The first picture at the Holiday Inn shows a rate or $94.  I figured a few dollars in taxes, sounded reasonable so I booked two rooms.  After booking and getting my confirmation number, I see my total with all the taxes and additional charges.  So, no way was my total going to be $278.

I decided to call the hotel - they had one main number and one that said front desk.  I spoke to "Tony".  I told him the situation and asked if that was my final total and it did not show the additional charges prior to booking and giving my cc info. etc.

I told him we would be arriving late - 10PM or so.  I said, please don't let me come there, and I have to pay more.  He checked and said, yes, that is my total.  I asked him if he was "front desk" and he said Central Reservations......so it's not Front desk like I read......
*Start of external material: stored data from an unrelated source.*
(* For every $n\ge 1$, every $\kappa\le\frac{n}{2n-1}$ and every doubly stochastic $n\times n$ matrix $\mathcal M$, there exists a directed $(2n-1)$-regular multigraph $G$ on $[n]$ whose direct throughput with respect to $\mathcal M$ is at least $\kappa$ (i.e., $G$ directly hosts $\kappa\mathcal M$).
   Context: Let $n\ge 1$ and $[n]=\{1,\dots,n\}$. Networks are finite directed multigraphs on vertex set $[n]$; self-loops and parallel arcs are allowed. A directed multigraph is directed $r$-regular if every vertex has exactly $r$ outgoing and exactly $r$ incoming arcs (a self-loop at $v$ counts as one outgoing and one incoming arc of $v$). An $n\times n$ matrix is doubly stochastic if all entries are nonnegative and every row and every column sums to $1$. In a directed $(2n-1)$-regular multigraph $G$ on $[n]$ every arc has capacity $\frac{1}{2n-1}$. $G$ directly hosts a nonnegative $n\times n$ matrix $\mathcal M=(a_{i,j})$ if the demand $a_{u,v}$ from $u$ to $v$ can be routed entirely on arcs from $u$ to $v$ without exceeding capacities, i.e., equivalently, if $a_{u,v}\le \frac{m_{u,v}}{2n-1}$ for all $u,v\in[n]$, where $m_{u,v}$ is the number of arcs from $u$ to $v$ in $G$. The direct throughput of $G$ with respect to a doubly stochastic $\mathcal M$ is the largest $\theta$ such that $G$ directly hosts $\theta\mathcal M$. *)

From HB Require Import structures.
From mathcomp Require Import all_boot all_order all_algebra.
From mathcomp Require Import reals.
Set Implicit Arguments. Unset Strict Implicit. Unset Printing Implicit Defensive.
Import Order.TTheory GRing.Theory Num.Theory.
Local Open Scope ring_scope.

(* A finite directed multigraph (self-loops and parallel arcs allowed) on the
   vertex set 'I_n (= [n], shifted to 0..n-1) is given by its arc multiplicities:
   [G u v] is the number m_{u,v} of arcs from u to v. *)
Definition multidigraph (n : nat) := 'I_n -> 'I_n -> nat.

(* directed r-regular: every vertex has out-degree r and in-degree r
   (a self-loop counts once as outgoing and once as incoming). *)
Definition directed_regular (n r : nat) (G : multidigraph n) : Prop :=
  (forall u : 'I_n, (\sum_(v < n) G u v)%N = r) /\
  (forall v : 'I_n, (\sum_(u < n) G u v)%N = r).

Definition doubly_stochastic (R : numDomainType) (n : nat) (M : 'M[R]_n) : Prop :=
  (forall i j, 0 <= M i j) /\
  (forall i, \sum_(j < n) M i j = 1) /\
  (forall j, \sum_(i < n) M i j = 1).

(* G (a (2n-1)-regular multigraph, each arc of capacity 1/(2n-1)) directly
   hosts the demand matrix A. *)
Definition directly_hosts (R : numFieldType) (n : nat) (G : multidigraph n)
    (A : 'M[R]_n) : Prop :=
  forall u v : 'I_n, A u v <= (G u v)%:R / (2 * n - 1)%N%:R.

From HB Require Import structures.
From mathcomp Require Import all_boot all_order all_algebra.
From mathcomp Require Import reals zify.
Import Order.TTheory GRing.Theory Num.Theory.

Set Implicit Arguments.
Unset Strict Implicit.
Unset Printing Implicit Defensive.

(* Round every entry of [n M] up.  A row of [M] sums to 1, so the rounded row
   sums to less than [n + n], i.e. at most [2n - 1]; the same holds for columns.
   A nonnegative integer matrix whose row and column sums are bounded by [r]
   can always be increased entrywise to one whose row and column sums all
   equal [r]: while some row is deficient, so is some column (both sides count
   the same total), and one arc between them can be added.  Each arc then has
   capacity [1/(2n-1)] and [kappa M u v <= n M u v / (2n-1)]. *)

Lemma sum_eq_card_mul (T : finType) (r : nat) (f : T -> nat) :
  (forall i, f i <= r) -> \sum_i f i = #|T| * r -> forall i, f i = r.
Proof.
move=> f_le sum_f i.
have [_] := leqif_sum (fun i (_ : true) => leqif_eq (f_le i)).
rewrite sum_f sum_nat_const eqxx => /esym/forallP/(_ i).
by move/eqP.
Qed.

Section RegularCompletion.

Variables n r : nat.
Implicit Types G : multidigraph n.

Definition outdeg G u := \sum_(v < n) G u v.
Definition indeg G v := \sum_(u < n) G u v.
Definition arc_count G := \sum_(u < n) outdeg G u.

Lemma arc_countE G : arc_count G = \sum_(v < n) indeg G v.
Proof. exact: exchange_big. Qed.

Definition add_arc G u0 v0 : multidigraph n :=
  fun u v => G u v + ((u == u0) && (v == v0)).

Lemma outdeg_add_arc G u0 v0 u :
  outdeg (add_arc G u0 v0) u = outdeg G u + (u == u0).
Proof.
rewrite /outdeg big_split /=; congr (_ + _).
rewrite (bigD1 v0) //= eqxx andbT big1 ?addn0 //.
by move=> v /negbTE ->; rewrite andbF.
Qed.

Lemma indeg_add_arc G u0 v0 v :
  indeg (add_arc G u0 v0) v = indeg G v + (v == v0).
Proof.
rewrite /indeg big_split /=; congr (_ + _).
rewrite (bigD1 u0) //= eqxx big1 ?addn0 //.
by move=> u /negbTE ->.
Qed.

Lemma arc_count_add_arc G u0 v0 :
  arc_count (add_arc G u0 v0) = (arc_count G).+1.
Proof.
rewrite /arc_count (eq_bigr _ (fun u _ => outdeg_add_arc G u0 v0 u)).
rewrite big_split /= -addn1; congr (_ + _).
rewrite (bigD1 u0) //= eqxx big1 //.
by move=> u /negbTE ->.
Qed.

Hypotheses (G : multidigraph n)
  (outdeg_le : forall u, outdeg G u <= r) (indeg_le : forall v, indeg G v <= r).

Lemma arc_count_le : arc_count G <= n * r.
Proof.
by rewrite -[n in n * r]card_ord -sum_nat_const leq_sum.
Qed.

Lemma indeg_deficient u0 : outdeg G u0 < r -> exists v0, indeg G v0 < r.
Proof.
move=> out_lt; apply/existsP; apply: contraLR out_lt.
rewrite negb_exists -leqNgt => /forallP in_ge.
have in_r v : indeg G v = r by apply/eqP; rewrite eqn_leq indeg_le leqNgt in_ge.
have sum_out : \sum_u outdeg G u = #|'I_n| * r.
  by rewrite -/(arc_count G) arc_countE (eq_bigr _ (fun v _ => in_r v)) sum_nat_const.
by rewrite (sum_eq_card_mul outdeg_le sum_out).
Qed.

Lemma regular_of_outdeg (out_r : forall u, outdeg G u = r) :
  directed_regular r G.
Proof.
have sum_in : \sum_v indeg G v = #|'I_n| * r.
  by rewrite -arc_countE /arc_count (eq_bigr _ (fun u _ => out_r u)) sum_nat_const.
by split=> // v; exact: sum_eq_card_mul indeg_le sum_in v.
Qed.

End RegularCompletion.

Lemma regular_completion n r (G : multidigraph n) :
  (forall u, outdeg G u <= r) -> (forall v, indeg G v <= r) ->
  exists G' : multidigraph n,
    (forall u v, G u v <= G' u v) /\ directed_regular r G'.
Proof.
have [k] := ubnP (n * r - arc_count G); elim: k G => // k IH G.
move=> deficit_lt outdeg_le indeg_le.
case: (pickP (fun u => outdeg G u < r)) => [u0 out_lt | full].
- have [v0 in_lt] := indeg_deficient outdeg_le indeg_le out_lt.
  have outdeg_le' u : outdeg (add_arc G u0 v0) u <= r.
    by rewrite outdeg_add_arc; have [->|_] := eqVneq u u0; rewrite ?addn1 ?addn0.
  have [||G' [le_G' reg_G']] := IH (add_arc G u0 v0) _ outdeg_le'.
  + have := arc_count_le outdeg_le'.
    by rewrite arc_count_add_arc; lia.
  + by move=> v; rewrite indeg_add_arc; have [->|_] := eqVneq v v0; rewrite ?addn1 ?addn0.
  exists G'; split=> // u v; apply: leq_trans (le_G' u v); exact: leq_addr.
- exists G; split=> //; apply: regular_of_outdeg indeg_le _ => u.
  by apply/eqP; rewrite eqn_leq outdeg_le leqNgt full.
Qed.

Local Open Scope ring_scope.

Section CeilNat.

Variable R : archiRealDomainType.

Definition ceil_nat (x : R) : nat := `|Num.ceil x|%N.

Lemma ceil_natE (x : R) : 0 <= x -> (ceil_nat x)%:R = (Num.ceil x)%:~R :> R.
Proof.
move=> x_ge0; rewrite natr_absz ger0_norm // ceil_ge0.
by apply: lt_le_trans x_ge0; rewrite ltrN10.
Qed.

Lemma ceil_nat_ge (x : R) : 0 <= x -> x <= (ceil_nat x)%:R.
Proof. by move=> x_ge0; rewrite ceil_natE // ceil_ge. Qed.

Lemma ceil_nat_lt (x : R) : 0 <= x -> (ceil_nat x)%:R < x + 1.
Proof.
move=> x_ge0; rewrite ceil_natE // -ltrBlDr.
by have := ceilB1_lt x; rewrite intrD.
Qed.

Lemma sum_ceil_nat_scaled_le n (p : 'I_n -> R) :
  (forall i, 0 <= p i) -> \sum_(i < n) p i = 1 ->
  (\sum_(i < n) ceil_nat (n%:R * p i) <= 2 * n - 1)%N.
Proof.
move=> p_ge0 sum_p.
have n_gt0 : (0 < n)%N.
  by case: n p sum_p {p_ge0} => // p; rewrite big_ord0 => /esym/eqP; rewrite oner_eq0.
have lt_2n : (\sum_(i < n) ceil_nat (n%:R * p i))%:R < (2 * n)%:R :> R.
  have has_ord : has predT (index_enum 'I_n).
    by apply/hasP; exists (Ordinal n_gt0); rewrite ?mem_index_enum.
  rewrite natr_sum; apply: lt_le_trans (ltr_sum has_ord _) _.
    by move=> i _; apply: ceil_nat_lt; rewrite mulr_ge0.
  rewrite big_split /= -mulr_sumr sum_p mulr1 sumr_const card_ord.
  by rewrite -natrD addnn -mul2n.
by move: lt_2n; rewrite ltr_nat; lia.
Qed.

End CeilNat.

Definition ceil_demand (R : archiRealDomainType) n (M : 'M[R]_n) :
  multidigraph n := fun u v => ceil_nat (n%:R * M u v).

Lemma directly_hosts_above_ceil_demand (R : archiRealFieldType) n
    (kappa : R) (M : 'M[R]_n) (G : multidigraph n) :
  (0 < n)%N -> kappa <= n%:R / (2 * n - 1)%N%:R -> (forall u v, 0 <= M u v) ->
  (forall u v, (ceil_demand M u v <= G u v)%N) ->
  directly_hosts G (kappa *: M).
Proof.
move=> n_gt0 le_kappa M_ge0 le_G u v; rewrite mxE.
have deg_gt0 : 0 < (2 * n - 1)%N%:R :> R by rewrite ltr0n; lia.
apply: le_trans (ler_wpM2r (M_ge0 u v) le_kappa) _.
rewrite mulrAC ler_pM2r ?invr_gt0 //.
apply: le_trans (ceil_nat_ge (mulr_ge0 (ler0n _ n) (M_ge0 u v))) _.
by rewrite ler_nat le_G.
Qed.

Theorem proposition3p5 (R : realType) (n : nat) (kappa : R) (M : 'M[R]_n) :
  (0 < n)%N ->
  kappa <= n%:R / (2 * n - 1)%N%:R ->
  doubly_stochastic M ->
  exists G : multidigraph n,
    directed_regular (2 * n - 1) G /\ directly_hosts G (kappa *: M).
Proof.
move=> n_gt0 le_kappa [M_ge0 [row_sum col_sum]].
have [G [le_G reg_G]] : exists G : multidigraph n,
    (forall u v, ceil_demand M u v <= G u v)%N /\ directed_regular (2 * n - 1) G.
  apply: regular_completion => [u|v].
  - exact: sum_ceil_nat_scaled_le (M_ge0 u) (row_sum u).
  - exact: sum_ceil_nat_scaled_le (M_ge0^~ v) (col_sum v).
exists G; split=> //.
exact: directly_hosts_above_ceil_demand.
Qed.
Something told me he was probably wrong.

We arrived around 10pm and I was told my total was $381 +.  I showed him the pictures on my phone and that I spoke to Tony and he said, final Total $278.  I was checking out by 11 am.  I also told her and showed her Best Western comparing prices.  Just needed a place to sleep.

The girl taken care of us, called someone over.  She looked on the computer.  I also made sure I would not be charged for parking $18 since I had reserved AAA no parking fee.  I started to discuss with hubby....it is now late, I wonder if we can find a room now, etc. etc.  She told us that ""Tony" was right and wrong and that our final total was $281 and were we okay with it.  I said, yes of course.

I was not going to argue or insist.  I did not need to pay an additional $22 for shuttle - we were not there for it or needed it.  The taxes are billed and the $22 is billed - making it $278.  I don't know how they came up with $381......more taxes????/

We were tired and just happy with the $281.


----------